**THE PROBLEM:** Every line in the data below from the one containing "Definition hat_comp (R" down to the one containing "system of [k", both included, must be retyped exactly; no other line is to appear.
----
(* Let $k,l$ be positive integers and let $\widehat{\mathfrak{G}}_{k,l}$ be the groupoid defined below. Then $\widehat{\mathfrak{G}}_{k,l}$ is (isomorphic to) the action groupoid $\mathrm{Gr}_{k,l}\rtimes\mathrm{PU}(kl)$ associated with the action of $\mathrm{PU}(kl)$ on $\mathrm{Gr}_{k,l}$ (by automorphisms of $M_{kl}(\mathbb{C})$ moving subalgebras).
   Context: $\mathrm{Gr}_{k,l}$ is the space of unital $*$-subalgebras of $M_{kl}(\mathbb{C})$ isomorphic to $M_k(\mathbb{C})$. For $\alpha\in\mathrm{Gr}_{k,l}$ write $M_{k,\alpha}$ for the subalgebra and $M_{l,\alpha}\cong M_l(\mathbb{C})$ for its centralizer in $M_{kl}(\mathbb{C})$. The topological groupoid $\widehat{\mathfrak{G}}_{k,l}$ has object space $\mathrm{Gr}_{k,l}$, and a morphism from $\alpha$ to $\beta$ is a pair $(\lambda,\mu)$ of $*$-isomorphisms $\lambda\colon M_{k,\alpha}\to M_{k,\beta}$, $\mu\colon M_{l,\alpha}\to M_{l,\beta}$, with the natural topology. The action groupoid of a group $G$ acting on $Y$ has objects $Y$ and morphisms $G\times Y$, with $s(g,y)=y$, $t(g,y)=gy$. *)

From HB Require Import structures.
From mathcomp Require Import all_boot all_order all_algebra.
From mathcomp Require Import all_classical all_reals topology normedtype.
From mathcomp Require Import complex.
Import Order.TTheory GRing.Theory Num.Theory.
Import numFieldTopology.Exports numFieldNormedType.Exports.
Set Implicit Arguments.
Unset Strict Implicit.
Unset Printing Implicit Defensive.
Local Open Scope classical_set_scope.
Local Open Scope ring_scope.

(** The complex numbers are modelled as R[i] for R : realType (any realType is
    the real line up to isomorphism), with its norm (modulus) topology. *)
Definition Cx (R : realType) : numClosedFieldType := R[i].

Definition adjmx (C : numClosedFieldType) (m p : nat) (x : 'M[C]_(m, p)) : 'M[C]_(p, m) :=
  (map_mx Num.conj x)^T.

(** Linear endomorphisms of M_n(C) are represented by matrices E of size
    (n*n) x (n*n) acting on the vectorisation: x |-> vec_mx (mxvec x *m E).
    Thus app (E1 *m E2) = app E2 \o app E1. *)
Definition app (C : numClosedFieldType) (n : nat) (E : 'M[C]_(n * n)) (x : 'M[C]_n) : 'M[C]_n :=
  vec_mx (mxvec x *m E).

Definition is_unital_star_subalgebra (C : numClosedFieldType) (n : nat) (A : set 'M[C]_n) : Prop :=
  [/\ A 1%:M,
      (forall x y, A x -> A y -> A (x + y)),
      (forall (c : C) x, A x -> A (c *: x)),
      (forall x y, A x -> A y -> A (x *m y)) &
      (forall x, A x -> A (adjmx x))].

Definition is_star_iso (C : numClosedFieldType) (m n : nat)
  (A : set 'M[C]_m) (B : set 'M[C]_n) (f : 'M[C]_m -> 'M[C]_n) : Prop :=
  [/\ set_bij A B f,
      (forall x y, A x -> A y -> f (x + y) = f x + f y),
      (forall (c : C) x, A x -> f (c *: x) = c *: f x),
      (forall x y, A x -> A y -> f (x *m y) = f x *m f y) &
      (forall x, A x -> f (adjmx x) = adjmx (f x))].

Definition centralizer (C : numClosedFieldType) (n : nat) (A : set 'M[C]_n) : set 'M[C]_n :=
  [set y | forall x, A x -> x *m y = y *m x].

Definition hs (C : numClosedFieldType) (n : nat) (x y : 'M[C]_n) : C := \tr (adjmx x *m y).

Definition is_orth_proj (C : numClosedFieldType) (n : nat) (A : set 'M[C]_n) (P : 'M[C]_(n * n)) : Prop :=
  (forall x, A (app P x)) /\ (forall x y, A y -> hs (x - app P x) y = 0).

Definition orth_proj (C : numClosedFieldType) (n : nat) (A : set 'M[C]_n) : 'M[C]_(n * n) :=
  xget 0 (is_orth_proj A).

(** The space of subalgebras with its natural (Grassmannian) topology: the
    initial topology of alpha |-> orthogonal projection onto alpha. *)
Definition Obj (R : realType) (n : nat) := initial_topology (@orth_proj (Cx R) n).
Arguments Obj : clear implicits.

Definition Gr (R : realType) (k l : nat) : set (Obj R (k * l)) :=
  [set A : set 'M[Cx R]_(k * l) | is_unital_star_subalgebra A /\
           exists f : 'M[Cx R]_k -> 'M[Cx R]_(k * l), is_star_iso setT A f].

Arguments Gr : clear implicits.

(** PU(n), realised faithfully as the group {Ad u | u in U(n)} of (inner)
    automorphisms of M_n(C), with the topology of End(M_n(C)).  The group law
    g * h (first h, then g) is the matrix product h *m g. *)
Definition PU (R : realType) (n : nat) : set 'M[Cx R]_(n * n) :=
  [set g | exists u : 'M[Cx R]_n,
     [/\ u *m adjmx u = 1%:M, adjmx u *m u = 1%:M &
         forall x, app g x = u *m x *m adjmx u]].

Arguments PU : clear implicits.

Definition pu_mul (C : numClosedFieldType) (n : nat) (g h : 'M[C]_(n * n)) : 'M[C]_(n * n) :=
  h *m g.

Definition pu_act (R : realType) (n : nat) (g : 'M[Cx R]_(n * n)) (A : Obj R n) : Obj R n :=
  app g @` (A : set 'M[Cx R]_n).

(** A morphism alpha -> beta is recorded as
    (alpha, beta, L, M) where the *-isomorphism lambda : M_{k,alpha} -> M_{k,beta}
    is app L restricted to alpha, and mu : M_{l,alpha} -> M_{l,beta} is app M
    restricted to the centralizer of alpha.  To make the representation
    unique, L (resp. M) is normalised to vanish on the orthogonal complement
    of alpha (resp. of its centralizer), i.e. L = lambda o P_alpha.  The
    topology is the product topology (natural topology). *)
Definition MorT (R : realType) (n : nat) :=
  (Obj R n * Obj R n * 'M[Cx R]_(n * n) * 'M[Cx R]_(n * n))%type.
Arguments MorT : clear implicits.

Definition mor_src (R : realType) (n : nat) (m : MorT R n) : Obj R n := m.1.1.1.
Definition mor_tgt (R : realType) (n : nat) (m : MorT R n) : Obj R n := m.1.1.2.

Definition HatMor (R : realType) (k l : nat) : set (MorT R (k * l)) :=
  [set m | let: (A, B, L, M) := m in
     [/\ Gr R k l A, Gr R k l B,
         is_star_iso A B (app L),
         is_star_iso (centralizer A) (centralizer B) (app M) &
         (forall x, app L x = app L (app (orth_proj A) x)) /\
         (forall x, app M x = app M (app (orth_proj (centralizer A)) x))]].

Arguments HatMor : clear implicits.

(** composition in hat-G: m2 o m1 (first m1 : alpha -> beta, then m2 : beta -> gamma) *)
Definition hat_comp (R : realType) (n : nat) (m2 m1 : MorT R n) : MorT R n :=
  (mor_src m1, mor_tgt m2, m1.1.2 *m m2.1.2, m1.2 *m m2.2).

(** A unital *-subalgebra [A] of [M_(k*l)] isomorphic to [M_k] is the span of a
    system of [k x k] matrix units [e i j], and every [x] decomposes uniquely as
    [x = \sum_(i, j) e i j * x_ij] with [x_ij] in the centralizer [A'], i.e.
    [M_(k*l) = A ⊗ A'].  Hence a morphism [(lambda, mu)] of the groupoid glues to
    the *-automorphism [lambda ⊗ mu] of [M_(k*l)], which is inner, [Ad u] with [u]
    unitary, because any system of [n x n] matrix units in [M_n] is unitarily
    conjugate to the standard one; conversely [Ad u] restricts to such a pair.
    For continuity, everything is expressed through the orthogonal projection
    [P] onto [A] alone: for bilinear [F],
    [\sum_(i, j) F (e i j) (e j i) = l * \sum_(a, b) F (P E_ab) (P E_ab)^*]
    ([E_ab] the standard matrix units of [M_(k*l)]),
    which turns [lambda ⊗ mu], the projection onto [A'] and the projection
    onto [u A u^*] into polynomial expressions in [P], [u], [lambda] and [mu]. *)

From HB Require Import structures.
From mathcomp Require Import all_boot all_order all_algebra.
From mathcomp Require Import all_classical all_reals topology normedtype.
From mathcomp Require Import complex.
Import Order.TTheory GRing.Theory Num.Theory.
Import numFieldTopology.Exports numFieldNormedType.Exports.
Local Open Scope classical_set_scope.
Local Open Scope ring_scope.
Set Implicit Arguments.
Unset Strict Implicit.
Unset Printing Implicit Defensive.

Section Adjoint.
Variable C : numClosedFieldType.

Lemma adjmxE m p (x : 'M[C]_(m, p)) i j : adjmx x i j = (x j i)^*.
Proof. by rewrite !mxE. Qed.

Fact adjmx_is_zmod_morphism m p : zmod_morphism (@adjmx C m p).
Proof. by move=> x y; apply/matrixP => i j; rewrite !mxE rmorphB. Qed.

HB.instance Definition _ m p :=
  GRing.isZmodMorphism.Build _ _ (@adjmx C m p) (@adjmx_is_zmod_morphism m p).

Lemma adjmxK m p (x : 'M[C]_(m, p)) : adjmx (adjmx x) = x.
Proof. by apply/matrixP => i j; rewrite !adjmxE conjCK. Qed.

Lemma adjmxZ m p c (x : 'M[C]_(m, p)) : adjmx (c *: x) = c^* *: adjmx x.
Proof. by apply/matrixP => i j; rewrite !mxE rmorphM. Qed.

Lemma adjmxM m p q (x : 'M[C]_(m, p)) (y : 'M[C]_(p, q)) :
  adjmx (x *m y) = adjmx y *m adjmx x.
Proof. by rewrite /adjmx map_mxM trmx_mul. Qed.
----
**ANSWER:**
Definition hat_comp (R : realType) (n : nat) (m2 m1 : MorT R n) : MorT R n :=
  (mor_src m1, mor_tgt m2, m1.1.2 *m m2.1.2, m1.2 *m m2.2).

(** A unital *-subalgebra [A] of [M_(k*l)] isomorphic to [M_k] is the span of a
    system of [k x k] matrix units [e i j], and every [x] decomposes uniquely as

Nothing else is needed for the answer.